================================================================================

                                  UNITED STATES
                       SECURITIES AND EXCHANGE COMMISSION
                             WASHINGTON, D.C. 20549

                    [LOGO OF MARLIN BUSINESS SERVICES CORP.]

                                    FORM 8-K

                                 CURRENT REPORT
     PURSUANT TO SECTION 13 OR 15(d) OF THE SECURITIES EXCHANGE ACT OF 1934

        Date of Report (Date of earliest event reported) August 26, 2005

                         MARLIN BUSINESS SERVICES CORP.
             ------------------------------------------------------
             (Exact name of registrant as specified in its charter)

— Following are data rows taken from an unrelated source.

(* Reshape the words of a constant weight code C in J(mn, nw) into m x n
   matrices of total weight nw.  The permutations of the mn positions act
   transitively on these matrices, so by double counting some permutation maps
   at least |C| |J(m,w)^n| / |J(mn,nw)| codewords into J(m,w)^n, where they form
   a multiple constant weight code; hence B(mn,nw,d) C(m,w)^n <= A(m,n,w,d)
   C(mn,nw).  It remains to estimate C(mn,nw) / C(m,w)^n: comparing falling
   factorials block by block gives C(mn,nw) (nw)! <= n^(nw) (C(m,w) w!)^n, and
   induction on w (starting from 4n n^(2n) <= 8^n n!^2, i.e. from
   (1 + 1/n)^(2n+1) <= 8) gives 4wn (n^(nw) w!^n)^2 <= (8w)^n (nw)!^2.
   Together with pi <= 4 and 2^(-(n/2)(3 + log2 w)) = (8w)^(-n/2) this is the
   claimed bound. *)

From Stdlib Require Import Reals Lra ZArith Lia.
From mathcomp Require Import all_boot all_fingroup zify.

Set Implicit Arguments.
Unset Strict Implicit.
Unset Printing Implicit Defensive.

Section RealBounds.
Local Open Scope R_scope.

Lemma INR_expn (m k : nat) : INR (m ^ k) = INR m ^ k.
Proof. by elim: k => [|k IH] //; rewrite expnS mult_INR IH. Qed.

Lemma exp_pow (x : R) (k : nat) : exp x ^ k = exp (INR k * x).
Proof.
have pos := exp_pos x.
by rewrite -[LHS]exp_ln ?ln_pow ?ln_exp //; apply: pow_lt.
Qed.

Lemma exp1_leq : exp 1 <= 11 / 4.
Proof.
have exp_inv50 : exp (1 / 50) <= 50 / 49.
  have lower := exp_ineq1_le (- (1 / 50)).
  rewrite exp_Ropp in lower.
  rewrite -[exp _]Rinv_inv (_ : 50 / 49 = / (49 / 50)); last by field.
  by apply: Rinv_le_contravar; lra.
rewrite (_ : 1 = INR 50 * (1 / 50)); last by rewrite INR_IZR_INZ /=; field.
rewrite -exp_pow; apply: (Rle_trans _ ((50 / 49) ^ 50)); last by lra.
by apply: pow_incr; split; [left; apply: exp_pos | ].
Qed.

(* (1 + 1/n)^(2n+1) <= (1 + 1/n) e^2 <= (21/20) (11/4)^2 < 8 for n >= 20. *)
Lemma expn_succ_leq8_large (n : nat) :
  (19 < n)%nat -> (n.+1 ^ (2 * n + 1) <= 8 * n ^ (2 * n + 1))%nat.
Proof.
move=> /leP/le_INR; rewrite (INR_IZR_INZ 20) /= => n_ge20.
apply/leP/INR_le; rewrite mult_INR !INR_expn S_INR (INR_IZR_INZ 8) /=.
have succ_le : INR n + 1 <= INR n * exp (/ INR n).
  have := exp_ineq1_le (/ INR n).
  have -> : INR n + 1 = INR n * (1 + / INR n) by field; lra.
  by move=> le; apply: Rmult_le_compat_l; lra.
have succ_pow_n : (INR n + 1) ^ n <= INR n ^ n * (11 / 4).
  apply: (Rle_trans _ ((INR n * exp (/ INR n)) ^ n)).
    by apply: pow_incr; lra.
  rewrite Rpow_mult_distr exp_pow (_ : INR n * / INR n = 1); last by field; lra.
  apply: Rmult_le_compat_l; last exact: exp1_leq.
  by apply: pow_le; lra.
have pow_ge0 : 0 <= INR n ^ n by apply: pow_le; lra.
have succ_pow_ge0 : 0 <= (INR n + 1) ^ n by apply: pow_le; lra.
rewrite (_ : (2 * n)%nat = (n + n)%nat); last by lia.
rewrite !pow_add pow_1.
apply: (Rle_trans _ (INR n ^ n * (11 / 4) * (INR n ^ n * (11 / 4)) * (INR n * (21 / 20)))).
  by apply: Rmult_le_compat; [nra | lra | apply: Rmult_le_compat | lra].
have prod_ge0 : 0 <= INR n ^ n * INR n ^ n * INR n by apply: Rmult_le_pos; [nra | lra].
lra.
Qed.
(* Let $(X,T)$ be a compact Hausdorff flow in which every point of $X$ is almost automorphic. Then $(X,T)$ is distal, the enveloping semigroup $\mathcal E(X,T)$ is a group, and whenever $\{t_i\}_{i\in I}\subset T$ is a net with $t_i\to g\in\mathcal E(X,T)$ (in the product topology of $X^X$), the net $\{t_i^{-1}\}_{i\in I}$ converges to $g^{-1}\in\mathcal E(X,T)$.
   Context: $X$ compact Hausdorff, $T$ a topological group acting continuously on $X$. A point $x$ is almost automorphic if for every net $\{t_i\}\subset T$ with $t_ix\to y$ it holds that $t_i^{-1}y\to x$. Two points $x,y$ are proximal if there are a net $\{t_i\}\subset T$ and $z\in X$ with $t_ix\to z$ and $t_iy\to z$; the flow is distal if no two distinct points are proximal. The enveloping semigroup $\mathcal E(X,T)$ is the closure of (the maps given by) $T$ in $X^X$ with the product (pointwise convergence) topology, with composition as semigroup operation. *)

From Stdlib Require Import List.

Set Implicit Arguments.

Record Topology (X : Type) := {
  is_open : (X -> Prop) -> Prop;
  open_full : is_open (fun _ => True);
  open_inter : forall U V, is_open U -> is_open V -> is_open (fun x => U x /\ V x);
  open_union : forall F : (X -> Prop) -> Prop,
      (forall U, F U -> is_open U) -> is_open (fun x => exists U, F U /\ U x)
}.

Definition continuous (A B : Type) (tA : Topology A) (tB : Topology B) (f : A -> B) : Prop :=
  forall W, is_open tB W -> is_open tA (fun a => W (f a)).

Definition prod_open (A B : Type) (tA : Topology A) (tB : Topology B) (W : A * B -> Prop) : Prop :=
  forall p, W p -> exists U V, is_open tA U /\ is_open tB V /\ U (fst p) /\ V (snd p) /\
      (forall a b, U a -> V b -> W (a, b)).

Definition continuous2 (A B C : Type) (tA : Topology A) (tB : Topology B) (tC : Topology C)
  (f : A -> B -> C) : Prop :=
  forall W, is_open tC W -> prod_open tA tB (fun p => W (f (fst p) (snd p))).

Definition compact (X : Type) (tX : Topology X) : Prop :=
  forall F : (X -> Prop) -> Prop,
    (forall U, F U -> is_open tX U) -> (forall x, exists U, F U /\ U x) ->
    exists l : list (X -> Prop), (forall U, In U l -> F U) /\
      (forall x, exists U, In U l /\ U x).

Definition hausdorff (X : Type) (tX : Topology X) : Prop :=
  forall x y, x <> y -> exists U V, is_open tX U /\ is_open tX V /\ U x /\ V y /\
      (forall z, U z -> V z -> False).

Record directed (I : Type) (le : I -> I -> Prop) : Prop := {
  dir_refl : forall i, le i i;
  dir_trans : forall i j k, le i j -> le j k -> le i k;
  dir_upper : forall i j, exists k, le i k /\ le j k;
  dir_inhabited : inhabited I
}.

Definition converges (X : Type) (opn : (X -> Prop) -> Prop) (I : Type) (le : I -> I -> Prop)
  (net : I -> X) (x : X) : Prop :=
  forall U, opn U -> U x -> exists i0, forall i, le i0 i -> U (net i).

(** Open sets of the product (pointwise convergence) topology on X^X. *)
Definition fun_open (X : Type) (tX : Topology X) (W : (X -> X) -> Prop) : Prop :=
  forall f, W f -> exists l : list (X * (X -> Prop)),
    (forall p, In p l -> is_open tX (snd p) /\ snd p (f (fst p))) /\
    (forall g, (forall p, In p l -> snd p (g (fst p))) -> W g).

Record is_group (T : Type) (mul : T -> T -> T) (inv : T -> T) (e : T) : Prop := {
  grp_assoc : forall a b c, mul a (mul b c) = mul (mul a b) c;
  grp_mul1l : forall a, mul e a = a;
  grp_mul1r : forall a, mul a e = a;
  grp_mulVl : forall a, mul (inv a) a = e;
  grp_mulVr : forall a, mul a (inv a) = e
}.

Definition topological_group (T : Type) (tT : Topology T) (mul : T -> T -> T) (inv : T -> T)
  (e : T) : Prop :=
  is_group mul inv e /\ continuous2 tT tT tT mul /\ continuous tT tT inv.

         Pennsylvania                 000-50448                38-3686388
 ----------------------------        ------------          -------------------
 (State or other jurisdiction        (Commission            (I.R.S. Employer
      of incorporation)              File Number)          Identification No.)

      300 Fellowship Road, Mount Laurel, NJ                        08054
     ---------------------------------------                    ----------
     (Address of principal executive offices)                   (Zip Code)

        Registrant's telephone number, including area code (888) 479-9111


         --------------------------------------------------------------
         (Former name or former address, if changed since last report.)

Check the appropriate box below if the Form 8-K filing is intended to
simultaneously satisfy the filing obligation of the registrant under any of the
following provisions (see General Instruction A.2. below):

[ ] Written communications pursuant to Rule 425 under the Securities Act (17
    CFR 230.425)

[ ] Soliciting material pursuant to Rule 14a-12 under the Exchange Act (17 CFR
    240.14a-12)

[ ] Pre-commencement communications pursuant to Rule 14d-2(b) under the
    Exchange Act (17 CFR 240.14d-2(b))

[ ] Pre-commencement communications pursuant to Rule 13e-4(c) under the
    Exchange Act (17 CFR 240.13e-4(c))

================================================================================



ITEM 1.01.   ENTRY INTO A MATERIAL DEFINITIVE AGREEMENT.

        On August 26, 2005, Marlin Leasing Corporation (a subsidiary of the
Registrant) entered into an amendment to its $40 million bank warehouse
revolving credit facility that, among other things, extended the termination
date of the facility to August 31, 2007, reduced the interest rate margin and
added certain additional eligible contract categories to the borrowing base.
Attached as Exhibit 10.1 to this report, and incorporated herein by reference,
is the Third Amendment to the Second Amended and Restated Warehouse Revolving
Credit Facility Agreement, dated as of August 26, 2005 among Marlin Leasing
Corporation, each of the lenders party thereto, and National City Bank, as agent
for the lenders.

ITEM 9.01.   FINANCIAL STATEMENTS AND EXHIBITS.

(c) Exhibits.

10.1   Third Amendment to the Second Amended and Restated Warehouse Revolving
Credit Facility Agreement, dated as of August 26, 2005 among Marlin Leasing
Corporation, each of the lenders party thereto, and National City Bank, as agent
for the lenders.



                                   SIGNATURES

        Pursuant to the requirements of the Securities Exchange Act of 1934, the
registrant has duly caused this report to be signed on its behalf by the
undersigned hereunto duly authorized.

                                                 MARLIN BUSINESS SERVICES CORP.
                                                 -------------------------------
                                                (Registrant)


Date: August 26, 2005                            /s/ BRUCE E. SICKEL
                                                 -------------------------------
                                                 Bruce E. Sickel
                                                 Chief Financial Officer



                                INDEX TO EXHIBITS

10.1   Third Amendment to the Second Amended and Restated Warehouse Revolving
       Credit Facility Agreement, dated as of August 26, 2005 among Marlin
       Leasing Corporation, each of the lenders party thereto, and National
       City Bank, as agent for the lenders.